Below are the entries; give again exactly the lines from the one mentioning "Lemma sqr_hinge_floor_le : 2" through the one mentioning "rewrite lerDl; apply: divr_ge0;", inclusive.

Start of THE DATA

Lemma sum_mul_Xr_ge m : beta * Xr m K.-1 <= \sum_(j < K) a j * Xr m j.
Proof.
rewrite sum_mul_Xr_abel /Xr /Xq prednK // natr_sum mulr_sumr.
by apply: ler_sum => i _; rewrite mulrC ler_wpM2l ?ler0n ?beta_le_tail.
Qed.

Definition kappa := 2 * sqn * beta / (K%:R * L).

Lemma kappa_gt0 : 0 < kappa.
Proof. by rewrite divr_gt0 ?mulr_gt0 ?sqrtn_gt0 ?Lam_gt0 ?ltr0n. Qed.

Lemma drift_Phi_le_kappa m : drift Phi m <= 1 - kappa * normX m.
Proof.
apply: le_trans (drift_Phi_le m) _; rewrite lerD2l lerN2.
have K0 : 0 < K%:R :> R by rewrite ltr0n.
have s0 := sqrtn_gt0; have L0 := Lam_gt0.
have -> : kappa * normX m = 2 * sqn / L * (beta * (normX m / K%:R)).
  by rewrite /kappa; field; rewrite !gt_eqF.
apply: ler_wpM2l; first by rewrite divr_ge0 ?mulr_ge0 ?ltW.
apply: le_trans (sum_mul_Xr_ge m); apply: ler_wpM2l; first exact: ltW.
by rewrite ler_pdivrMr // mulrC normX_le_last.
Qed.

Lemma drift_normX_le m : 0 < normX m ->
  drift normX m <= (1 - kappa * normX m) / (2 * normX m).
Proof.
move=> N0; have Phi0 : 0 < Phi m by rewrite -sqr_normX exprn_gt0.
apply: le_trans (@drift_le normX Phi m (2 * normX m)^-1 0 (lexx 0) _ _) _.
- by move=> i _ _; rewrite addr0 mulrC; exact: sqrtr_sub_le (Phi_ge0 _ _ _) Phi0.
- by move=> i _ _; rewrite addr0 mulrC; exact: sqrtr_sub_le (Phi_ge0 _ _ _) Phi0.
rewrite addr0 mulrC; apply: ler_wpM2r; last exact: drift_Phi_le_kappa.
by rewrite invr_ge0 mulr_ge0 ?ltW.
Qed.

Definition hinge_floor := 2 / kappa.

Lemma hinge_floor_gt0 : 0 < hinge_floor.
Proof. by rewrite divr_gt0 ?kappa_gt0. Qed.

Lemma drift_normX_far m : hinge_floor <= normX m -> drift normX m <= - (kappa / 4).
Proof.
move=> far; have k0 := kappa_gt0.
have N0 : 0 < normX m by apply: lt_le_trans far; exact: hinge_floor_gt0.
apply: le_trans (drift_normX_le m N0) _.
rewrite ler_pdivrMr ?mulr_gt0 //.
have : kappa * hinge_floor = 2 by rewrite /hinge_floor; field; rewrite gt_eqF.
nra.
Qed.

Lemma drift_hinge_far m r : hinge_floor <= normX m ->
  drift (fun x => hinge r (normX x)) m <= 1 - kappa / 2 * Num.max (normX m - r) 0.
Proof.
move=> far; set c := Num.max (normX m - r) 0.
have c0 : 0 <= c by rewrite le_max lexx orbT.
apply: le_trans (@drift_le _ normX m (2 * c) 1 ler01 _ _) _.
- move=> i iK ok; have /andP[lo hi] := normX_arr_move R ok iK.
  by have := hinge_sub_le r (normX m) (normX (arr_move K m i)); rewrite -/c; nra.
- move=> i iK ok; have /andP[lo hi] := normX_dep_move R ok iK.
  by have := hinge_sub_le r (normX m) (normX (dep_move K m i)); rewrite -/c; nra.
by have := drift_normX_far m far; nra.
Qed.

Lemma drift_hinge_near m r : normX m <= r + 1 ->
  drift (fun x => hinge r (normX x)) m <= 4.
Proof.
move=> near; have h0 := hinge_ge0 r (normX m).
apply: le_trans (@drift_le _ normX m 0 4 _ _ _) _; rewrite ?mul0r ?add0r //.
- move=> i iK ok; have /andP[_ hi] := normX_arr_move R ok iK.
  by have := @hinge_le_sqr _ r (normX (arr_move K m i)) 2; rewrite expr2; lra.
- move=> i iK ok; have /andP[_ hi] := normX_dep_move R ok iK.
  by have := @hinge_le_sqr _ r (normX (dep_move K m i)) 2; rewrite expr2; lra.
Qed.

Lemma step_hinge_le m r rho : hinge_floor <= r -> rho <= r + kappa / 4 ->
  P (fun x => hinge r (normX x)) m <= hinge rho (normX m) + 5.
Proof.
move=> floor_r rho_le; rewrite stepE; have k0 := kappa_gt0.
have h0 := hinge_ge0 rho (normX m).
case: (leP hinge_floor (normX m)) => [far|near].
  have := drift_hinge_far m r far.
  have := @hinge_shift_le _ r (kappa / 4) (normX m) (divr_ge0 (ltW k0) (ler0n _ 4)).
  have := hinge_antitone _ _ (normX m) rho_le.
  lra.
have := @drift_hinge_near m r (ltW (lt_le_trans near (ler_wpDr ler01 floor_r))).
by have := @hinge_le_sqr _ r (normX m) 0 (lexx 0); rewrite expr0n /=; lra.
Qed.

(* The hinge level after k steps from a state with normX <= L0: it decreases by kappa / 4 per
   step, the guaranteed descent speed of normX above hinge_floor, until it reaches hinge_floor. *)
Definition hinge_level (L0 : R) (k : nat) := Num.max (L0 - kappa / 4 * k%:R) hinge_floor.

Lemma hinge_level_ge_floor L0 k : hinge_floor <= hinge_level L0 k.
Proof. by rewrite le_max lexx orbT. Qed.

Lemma hinge_level_ge0 L0 k : 0 <= hinge_level L0 k.
Proof. exact: le_trans (ltW hinge_floor_gt0) (hinge_level_ge_floor L0 k). Qed.

Lemma hinge_level_S L0 k : hinge_level L0 k <= hinge_level L0 k.+1 + kappa / 4.
Proof.
rewrite /hinge_level -[k.+1]addn1 natrD !maxEle; have := kappa_gt0.
by case: (leP (L0 - _) hinge_floor) => h1; case: (leP (L0 - _) hinge_floor) => h2; nra.
Qed.

Lemma iter_hinge_le L0 k x :
  iter k P (fun y => hinge (hinge_level L0 k) (normX y)) x
  <= hinge (hinge_level L0 0) (normX x) + 5 * k%:R.
Proof.
elim: k x => [|k IH] x; first by rewrite /= mulr0 addr0.
rewrite iterSr.
apply: le_trans (@iter_step_le k _ (fun y => 1 * hinge (hinge_level L0 k) (normX y) + 5) _ x) _.
  move=> y; rewrite mul1r; apply: step_hinge_le; first exact: hinge_level_ge_floor.
  exact: hinge_level_S.
by rewrite iter_step_affine mul1r -[k.+1]addn1 natrD; have := IH x; lra.
Qed.

Lemma iter_Phi_le k x : iter k P Phi x <= Phi x + k%:R.
Proof.
elim: k x => [|k IH] x; first by rewrite addr0.
rewrite iterSr; apply: le_trans (@iter_step_le k _ (fun y => 1 * Phi y + 1) _ x) _.
  move=> y; rewrite mul1r stepE lerD2l; apply: le_trans (drift_Phi_le_kappa y) _.
  by rewrite gerDl oppr_le0 mulr_ge0 ?normX_ge0 // ltW // kappa_gt0.
by rewrite iter_step_affine mul1r -[k.+1]addn1 natrD; have := IH x; lra.
Qed.

Lemma iter_zsq_le_Phi k x : iter k P (zsq R K n) x <= (Phi x + k%:R) / n%:R.
Proof.
apply: le_trans (@iter_step_le k _ (fun y => n%:R^-1 * Phi y + 0) _ x) _.
  by move=> y; rewrite addr0 mulrC; exact: zsq_le_Phi.
rewrite iter_step_affine addr0 mulrC; apply: ler_wpM2r; first by rewrite invr_ge0 ler0n.
exact: iter_Phi_le.
Qed.

Lemma iter_zsq_le_hinge L0 k x : normX x <= L0 ->
  iter k P (zsq R K n) x <= (2 * hinge_level L0 k ^+ 2 + 10 * k%:R) / n%:R.
Proof.
move=> x_le; have r0 := hinge_level_ge0 L0 k; set r := hinge_level L0 k in r0 *.
have n_inv0 : 0 <= n%:R^-1 :> R by rewrite invr_ge0 ler0n.
apply: le_trans (@iter_step_le k _
  (fun y => 2 * n%:R^-1 * hinge r (normX y) + 2 * r ^+ 2 / n%:R) _ x) _.
  move=> y; apply: le_trans (zsq_le_Phi y) _; rewrite -sqr_normX.
  have -> : 2 * n%:R^-1 * hinge r (normX y) + 2 * r ^+ 2 / n%:R
            = (2 * r ^+ 2 + 2 * hinge r (normX y)) / n%:R by ring.
  by apply: ler_wpM2r => //; apply: sqr_le_hinge; rewrite ?normX_ge0.
rewrite iter_step_affine.
have start0 : hinge (hinge_level L0 0) (normX x) <= 0 ^+ 2.
  apply: hinge_le_sqr => //; rewrite subr_le0 (le_trans x_le) //.
  by rewrite le_max mulr0 subr0 lexx.
have := iter_hinge_le L0 k x; rewrite expr0n /= in start0 => iter_le.
have : 2 * n%:R^-1 * iter k P (fun y => hinge r (normX y)) x <= 2 * n%:R^-1 * (5 * k%:R).
  by apply: ler_wpM2l; [rewrite mulr_ge0 | lra].
lra.
Qed.

Lemma sqr_hinge_level_le L0 lam k : 0 <= L0 -> 0 < lam -> 8 * L0 / kappa <= lam ->
  hinge_level L0 k ^+ 2 <= hinge_floor ^+ 2 + 4 * L0 ^+ 2 * (k%:R - lam) ^+ 2 / lam ^+ 2.
Proof.
move=> L0_ge0 lam_gt0 lam_ge; have k0 := kappa_gt0; have f0 := hinge_floor_gt0.
have tail0 : 0 <= 4 * L0 ^+ 2 * (k%:R - lam) ^+ 2 / lam ^+ 2.
  apply: divr_ge0; last exact: sqr_ge0.
  by apply: mulr_ge0; [apply: mulr_ge0|]; rewrite ?sqr_ge0 ?ler0n.
rewrite /hinge_level maxEle; case: (leP (L0 - kappa / 4 * k%:R) hinge_floor) => [_|above].
  by have := sqr_ge0 hinge_floor; lra.
have k_lt : 2 * k%:R < lam.
  apply: lt_le_trans lam_ge; rewrite ltr_pdivlMr //; lra.
have gap : lam ^+ 2 <= 4 * (k%:R - lam) ^+ 2.
  have : lam <= 2 * (lam - k%:R) by have := ler0n R k; lra.
  nra.
have : L0 ^+ 2 <= 4 * L0 ^+ 2 * (k%:R - lam) ^+ 2 / lam ^+ 2.
  by rewrite ler_pdivlMr ?exprn_gt0 //; have := ler_wpM2l (sqr_ge0 L0) gap; lra.
have : (L0 - kappa / 4 * k%:R) ^+ 2 <= L0 ^+ 2.
  have : 0 <= kappa / 4 * k%:R by rewrite mulr_ge0 ?ler0n // divr_ge0 // ltW.
  nra.
have := sqr_ge0 hinge_floor; lra.
Qed.

Definition floor_const := 2 * K%:R ^+ 2 * (Lam_coef + 1) ^+ 2 / beta ^+ 2.

Lemma floor_const_ge0 : 0 <= floor_const.
Proof. by rewrite divr_ge0 ?sqr_ge0 // mulr_ge0 ?sqr_ge0 // mulr_ge0 ?sqr_ge0. Qed.

Lemma sqr_hinge_floor_le : 2 * hinge_floor ^+ 2 / n%:R <= floor_const.
Proof.
have n0 : (0 : R) < n%:R by rewrite ltr0n n_gt0.
have s0 := sqrtn_gt0; have L0 := Lam_gt0; have b0 := beta_gt0.
have K0 : (0 : R) < K%:R by rewrite ltr0n.
have -> : 2 * hinge_floor ^+ 2 / n%:R = 2 * K%:R ^+ 2 / beta ^+ 2 * (L / n%:R) ^+ 2.
  by rewrite /hinge_floor /kappa -{2 3}sqr_sqrtn; field; rewrite !gt_eqF.
rewrite /floor_const [leRHS]mulrAC; apply: ler_wpM2l; first by rewrite divr_ge0 ?sqr_ge0 ?mulr_ge0.
have : L / n%:R <= Lam_coef + 1 by rewrite ler_pdivrMr // mulrC Lam_le.
have : 0 <= L / n%:R by rewrite divr_ge0 ?ler0n ?ltW.
nra.
Qed.

(** * The moment bound *)

Definition moment_time0 := 1 + 4 * K%:R ^+ 2 / beta.

Definition moment_const := floor_const + 10 * (Lam_coef + 1) + 8 * K%:R ^+ 2.

Lemma moment_time0_ge1 : 1 <= moment_time0.
Proof.
rewrite lerDl; apply: divr_ge0; last exact: ltW.
by apply: mulr_ge0; [lra | exact: sqr_ge0].
Qed.

Lemma moment_const_gt0 : 0 < moment_const.
Proof.
have K0 : (0 : R) < K%:R ^+ 2 by rewrite exprn_gt0 // ltr0n.
by have := floor_const_ge0; have := Lam_coef_ge0; rewrite /moment_const; lra.
Qed.

Variables (t : R) (m : nat -> nat).
Hypothesis t_ge : moment_time0 <= t.

Local Notation z := (znorm R K n m).
Local Notation lam := (L * (z * t)).

Definition iter_zsq_envelope (A B C : R) := [/\ 0 <= A, 0 <= B, 0 <= C,
  forall k, iter k P (zsq R K n) m <= A + B * k%:R + C * (k%:R - lam) ^+ 2 &
  A + B * lam + C * lam <= moment_const * (t * z)].

Lemma t_ge1 : 1 <= t.
Proof. exact: le_trans moment_time0_ge1 t_ge. Qed.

End of THE DATA

### SOLUTION BELOW
Lemma sqr_hinge_floor_le : 2 * hinge_floor ^+ 2 / n%:R <= floor_const.
Proof.
have n0 : (0 : R) < n%:R by rewrite ltr0n n_gt0.
have s0 := sqrtn_gt0; have L0 := Lam_gt0; have b0 := beta_gt0.
have K0 : (0 : R) < K%:R by rewrite ltr0n.
have -> : 2 * hinge_floor ^+ 2 / n%:R = 2 * K%:R ^+ 2 / beta ^+ 2 * (L / n%:R) ^+ 2.
  by rewrite /hinge_floor /kappa -{2 3}sqr_sqrtn; field; rewrite !gt_eqF.
rewrite /floor_const [leRHS]mulrAC; apply: ler_wpM2l; first by rewrite divr_ge0 ?sqr_ge0 ?mulr_ge0.
have : L / n%:R <= Lam_coef + 1 by rewrite ler_pdivrMr // mulrC Lam_le.
have : 0 <= L / n%:R by rewrite divr_ge0 ?ler0n ?ltW.
nra.
Qed.

(** * The moment bound *)

Definition moment_time0 := 1 + 4 * K%:R ^+ 2 / beta.

Definition moment_const := floor_const + 10 * (Lam_coef + 1) + 8 * K%:R ^+ 2.

Lemma moment_time0_ge1 : 1 <= moment_time0.
Proof.
rewrite lerDl; apply: divr_ge0; last exact: ltW.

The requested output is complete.